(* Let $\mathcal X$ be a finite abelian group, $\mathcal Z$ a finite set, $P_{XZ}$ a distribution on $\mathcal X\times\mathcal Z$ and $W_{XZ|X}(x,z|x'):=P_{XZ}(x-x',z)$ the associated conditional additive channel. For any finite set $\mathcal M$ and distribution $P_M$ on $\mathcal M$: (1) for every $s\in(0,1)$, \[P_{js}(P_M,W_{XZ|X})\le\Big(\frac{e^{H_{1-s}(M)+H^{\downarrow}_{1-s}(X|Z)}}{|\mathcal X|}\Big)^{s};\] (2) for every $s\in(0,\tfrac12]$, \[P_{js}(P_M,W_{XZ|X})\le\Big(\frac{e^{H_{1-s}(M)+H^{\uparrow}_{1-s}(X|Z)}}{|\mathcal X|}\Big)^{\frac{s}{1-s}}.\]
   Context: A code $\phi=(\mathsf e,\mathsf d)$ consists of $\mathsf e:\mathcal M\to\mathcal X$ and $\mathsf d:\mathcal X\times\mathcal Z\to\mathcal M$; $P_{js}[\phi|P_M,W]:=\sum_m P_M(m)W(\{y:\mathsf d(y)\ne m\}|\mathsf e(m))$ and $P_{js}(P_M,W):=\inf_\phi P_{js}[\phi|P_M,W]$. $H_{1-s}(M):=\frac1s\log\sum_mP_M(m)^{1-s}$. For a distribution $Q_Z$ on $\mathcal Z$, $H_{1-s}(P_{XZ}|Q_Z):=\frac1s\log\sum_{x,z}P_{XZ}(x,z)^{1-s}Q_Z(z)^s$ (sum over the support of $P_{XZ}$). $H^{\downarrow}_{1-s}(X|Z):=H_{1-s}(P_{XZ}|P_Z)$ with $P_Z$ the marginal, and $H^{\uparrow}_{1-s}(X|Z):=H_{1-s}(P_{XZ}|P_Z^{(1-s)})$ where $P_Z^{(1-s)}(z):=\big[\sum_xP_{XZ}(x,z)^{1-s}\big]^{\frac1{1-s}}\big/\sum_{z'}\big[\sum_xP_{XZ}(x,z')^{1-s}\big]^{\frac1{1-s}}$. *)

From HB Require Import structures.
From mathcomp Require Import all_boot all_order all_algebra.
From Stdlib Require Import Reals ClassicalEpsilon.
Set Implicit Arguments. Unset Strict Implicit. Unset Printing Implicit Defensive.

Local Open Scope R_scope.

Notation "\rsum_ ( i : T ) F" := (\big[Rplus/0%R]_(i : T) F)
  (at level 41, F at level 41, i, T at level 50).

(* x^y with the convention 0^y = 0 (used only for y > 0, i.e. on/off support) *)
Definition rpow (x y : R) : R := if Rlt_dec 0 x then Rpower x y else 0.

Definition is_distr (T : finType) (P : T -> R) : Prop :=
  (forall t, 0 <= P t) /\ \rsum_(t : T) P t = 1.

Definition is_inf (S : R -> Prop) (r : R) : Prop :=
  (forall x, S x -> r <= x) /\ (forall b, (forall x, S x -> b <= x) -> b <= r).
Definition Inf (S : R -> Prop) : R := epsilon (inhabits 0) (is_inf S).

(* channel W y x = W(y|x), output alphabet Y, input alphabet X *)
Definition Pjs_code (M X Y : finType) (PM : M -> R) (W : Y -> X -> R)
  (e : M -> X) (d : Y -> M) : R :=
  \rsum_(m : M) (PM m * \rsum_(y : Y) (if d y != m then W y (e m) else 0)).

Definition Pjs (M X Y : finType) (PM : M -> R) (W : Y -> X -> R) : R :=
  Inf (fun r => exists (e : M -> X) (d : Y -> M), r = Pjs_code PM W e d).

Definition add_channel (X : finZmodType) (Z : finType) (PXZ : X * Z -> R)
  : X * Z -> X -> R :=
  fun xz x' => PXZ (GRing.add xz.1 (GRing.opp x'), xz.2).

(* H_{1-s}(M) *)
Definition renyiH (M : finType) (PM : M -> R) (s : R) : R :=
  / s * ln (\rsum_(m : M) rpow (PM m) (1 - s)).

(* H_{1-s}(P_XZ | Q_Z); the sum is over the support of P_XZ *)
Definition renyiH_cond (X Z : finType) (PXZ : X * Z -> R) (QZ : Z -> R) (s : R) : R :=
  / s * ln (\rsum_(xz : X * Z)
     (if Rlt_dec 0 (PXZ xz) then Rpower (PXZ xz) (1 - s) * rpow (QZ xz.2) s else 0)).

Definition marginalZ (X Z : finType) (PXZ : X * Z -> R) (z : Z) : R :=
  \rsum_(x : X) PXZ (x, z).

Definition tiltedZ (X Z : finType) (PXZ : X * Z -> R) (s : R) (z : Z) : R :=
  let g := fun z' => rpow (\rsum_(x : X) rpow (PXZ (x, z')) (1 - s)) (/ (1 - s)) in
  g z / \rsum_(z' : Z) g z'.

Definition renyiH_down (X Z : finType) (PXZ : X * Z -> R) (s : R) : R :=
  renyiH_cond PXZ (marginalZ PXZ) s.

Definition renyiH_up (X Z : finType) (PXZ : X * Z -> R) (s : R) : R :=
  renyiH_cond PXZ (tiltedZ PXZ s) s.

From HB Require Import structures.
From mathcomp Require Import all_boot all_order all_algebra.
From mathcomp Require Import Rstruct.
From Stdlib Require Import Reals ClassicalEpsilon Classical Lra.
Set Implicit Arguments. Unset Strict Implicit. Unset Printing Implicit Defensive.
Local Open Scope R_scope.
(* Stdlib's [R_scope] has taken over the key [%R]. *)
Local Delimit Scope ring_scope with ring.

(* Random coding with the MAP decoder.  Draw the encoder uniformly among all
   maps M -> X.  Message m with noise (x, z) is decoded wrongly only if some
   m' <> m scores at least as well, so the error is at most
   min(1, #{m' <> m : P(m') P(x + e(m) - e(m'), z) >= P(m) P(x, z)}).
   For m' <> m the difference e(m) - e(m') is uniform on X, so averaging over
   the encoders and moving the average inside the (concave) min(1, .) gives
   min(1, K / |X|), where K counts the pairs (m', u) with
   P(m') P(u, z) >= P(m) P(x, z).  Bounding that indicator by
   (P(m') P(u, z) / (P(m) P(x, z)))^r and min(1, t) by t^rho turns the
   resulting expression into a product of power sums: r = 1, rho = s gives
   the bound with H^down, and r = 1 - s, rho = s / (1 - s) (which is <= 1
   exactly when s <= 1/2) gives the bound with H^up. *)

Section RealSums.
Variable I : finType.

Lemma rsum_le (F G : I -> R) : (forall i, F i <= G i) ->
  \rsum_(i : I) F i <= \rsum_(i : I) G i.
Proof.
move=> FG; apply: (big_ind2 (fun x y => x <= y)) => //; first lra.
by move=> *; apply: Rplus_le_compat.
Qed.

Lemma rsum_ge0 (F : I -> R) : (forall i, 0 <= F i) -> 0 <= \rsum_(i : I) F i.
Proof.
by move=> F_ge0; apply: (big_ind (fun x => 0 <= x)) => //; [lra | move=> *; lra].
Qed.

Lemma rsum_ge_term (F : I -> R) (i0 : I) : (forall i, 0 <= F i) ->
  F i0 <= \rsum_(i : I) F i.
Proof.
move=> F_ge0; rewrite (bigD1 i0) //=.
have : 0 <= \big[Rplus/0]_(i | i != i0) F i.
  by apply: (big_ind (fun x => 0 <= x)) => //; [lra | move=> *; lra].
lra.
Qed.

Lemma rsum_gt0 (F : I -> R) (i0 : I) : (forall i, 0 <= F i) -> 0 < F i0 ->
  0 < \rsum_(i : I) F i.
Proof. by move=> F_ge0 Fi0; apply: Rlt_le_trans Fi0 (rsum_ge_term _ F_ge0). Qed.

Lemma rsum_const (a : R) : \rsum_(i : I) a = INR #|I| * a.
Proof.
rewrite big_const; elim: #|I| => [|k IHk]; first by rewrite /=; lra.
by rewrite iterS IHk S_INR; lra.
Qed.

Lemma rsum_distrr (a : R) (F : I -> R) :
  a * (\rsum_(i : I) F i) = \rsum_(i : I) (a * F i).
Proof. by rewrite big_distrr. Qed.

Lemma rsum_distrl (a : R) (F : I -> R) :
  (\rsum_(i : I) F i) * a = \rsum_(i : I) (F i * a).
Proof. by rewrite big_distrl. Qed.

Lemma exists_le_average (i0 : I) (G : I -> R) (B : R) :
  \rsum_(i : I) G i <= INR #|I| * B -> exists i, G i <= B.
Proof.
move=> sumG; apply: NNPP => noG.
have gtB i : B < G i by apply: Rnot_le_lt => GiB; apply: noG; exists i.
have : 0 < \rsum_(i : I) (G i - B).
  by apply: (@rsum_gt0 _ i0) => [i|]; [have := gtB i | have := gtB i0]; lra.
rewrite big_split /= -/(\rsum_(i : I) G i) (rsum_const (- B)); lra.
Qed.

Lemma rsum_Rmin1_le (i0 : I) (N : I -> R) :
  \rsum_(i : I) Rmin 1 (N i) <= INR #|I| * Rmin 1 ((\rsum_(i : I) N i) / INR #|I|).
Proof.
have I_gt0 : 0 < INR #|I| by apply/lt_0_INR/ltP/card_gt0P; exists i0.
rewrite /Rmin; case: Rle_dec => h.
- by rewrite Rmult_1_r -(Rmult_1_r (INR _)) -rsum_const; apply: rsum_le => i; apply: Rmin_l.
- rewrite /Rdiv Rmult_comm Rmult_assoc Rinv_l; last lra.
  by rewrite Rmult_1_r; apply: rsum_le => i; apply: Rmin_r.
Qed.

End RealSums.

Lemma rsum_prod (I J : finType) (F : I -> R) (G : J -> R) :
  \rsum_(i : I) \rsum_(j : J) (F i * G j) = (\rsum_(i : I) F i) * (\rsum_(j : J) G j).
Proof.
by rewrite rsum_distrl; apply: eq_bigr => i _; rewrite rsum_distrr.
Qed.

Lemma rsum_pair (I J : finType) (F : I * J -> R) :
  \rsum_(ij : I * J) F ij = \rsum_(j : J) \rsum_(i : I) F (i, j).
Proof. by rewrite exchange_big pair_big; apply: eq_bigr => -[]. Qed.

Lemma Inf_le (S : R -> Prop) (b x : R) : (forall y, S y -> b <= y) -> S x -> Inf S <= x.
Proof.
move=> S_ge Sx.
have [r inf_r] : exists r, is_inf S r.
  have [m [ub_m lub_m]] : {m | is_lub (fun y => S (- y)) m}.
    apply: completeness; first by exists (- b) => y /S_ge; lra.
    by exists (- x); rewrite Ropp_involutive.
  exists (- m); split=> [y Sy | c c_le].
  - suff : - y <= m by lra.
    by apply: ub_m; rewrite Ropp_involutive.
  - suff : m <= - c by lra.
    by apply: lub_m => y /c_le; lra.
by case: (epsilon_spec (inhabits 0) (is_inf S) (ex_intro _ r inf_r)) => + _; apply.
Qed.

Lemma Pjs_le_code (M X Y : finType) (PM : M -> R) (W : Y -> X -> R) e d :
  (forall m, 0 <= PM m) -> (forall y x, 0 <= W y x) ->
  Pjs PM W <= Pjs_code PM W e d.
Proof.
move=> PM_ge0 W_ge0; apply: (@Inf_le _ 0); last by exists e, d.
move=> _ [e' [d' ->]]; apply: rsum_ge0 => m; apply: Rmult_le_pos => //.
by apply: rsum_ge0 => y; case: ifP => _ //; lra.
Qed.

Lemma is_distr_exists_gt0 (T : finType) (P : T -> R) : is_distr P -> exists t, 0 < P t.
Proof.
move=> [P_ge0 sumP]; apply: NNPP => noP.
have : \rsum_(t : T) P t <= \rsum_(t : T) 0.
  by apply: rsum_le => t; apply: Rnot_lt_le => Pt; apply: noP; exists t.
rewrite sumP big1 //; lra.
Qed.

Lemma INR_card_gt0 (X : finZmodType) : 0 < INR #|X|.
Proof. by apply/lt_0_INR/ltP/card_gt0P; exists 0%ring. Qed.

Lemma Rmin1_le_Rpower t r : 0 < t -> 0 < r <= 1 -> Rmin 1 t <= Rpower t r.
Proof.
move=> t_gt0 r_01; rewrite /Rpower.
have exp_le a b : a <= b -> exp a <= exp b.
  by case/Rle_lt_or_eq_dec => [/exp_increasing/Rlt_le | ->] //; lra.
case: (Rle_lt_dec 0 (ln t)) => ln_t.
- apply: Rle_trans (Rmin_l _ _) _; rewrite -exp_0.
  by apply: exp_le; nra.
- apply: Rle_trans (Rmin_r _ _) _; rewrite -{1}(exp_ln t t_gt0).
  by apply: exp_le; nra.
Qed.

•••

#### Work instructions:
Show each line in the data where the string "Require" appears.

#### Your solution:
From HB Require Import structures.
From mathcomp Require Import all_boot all_order all_algebra.
From Stdlib Require Import Reals ClassicalEpsilon.
From HB Require Import structures.
From mathcomp Require Import all_boot all_order all_algebra.
From mathcomp Require Import Rstruct.
From Stdlib Require Import Reals ClassicalEpsilon Classical Lra.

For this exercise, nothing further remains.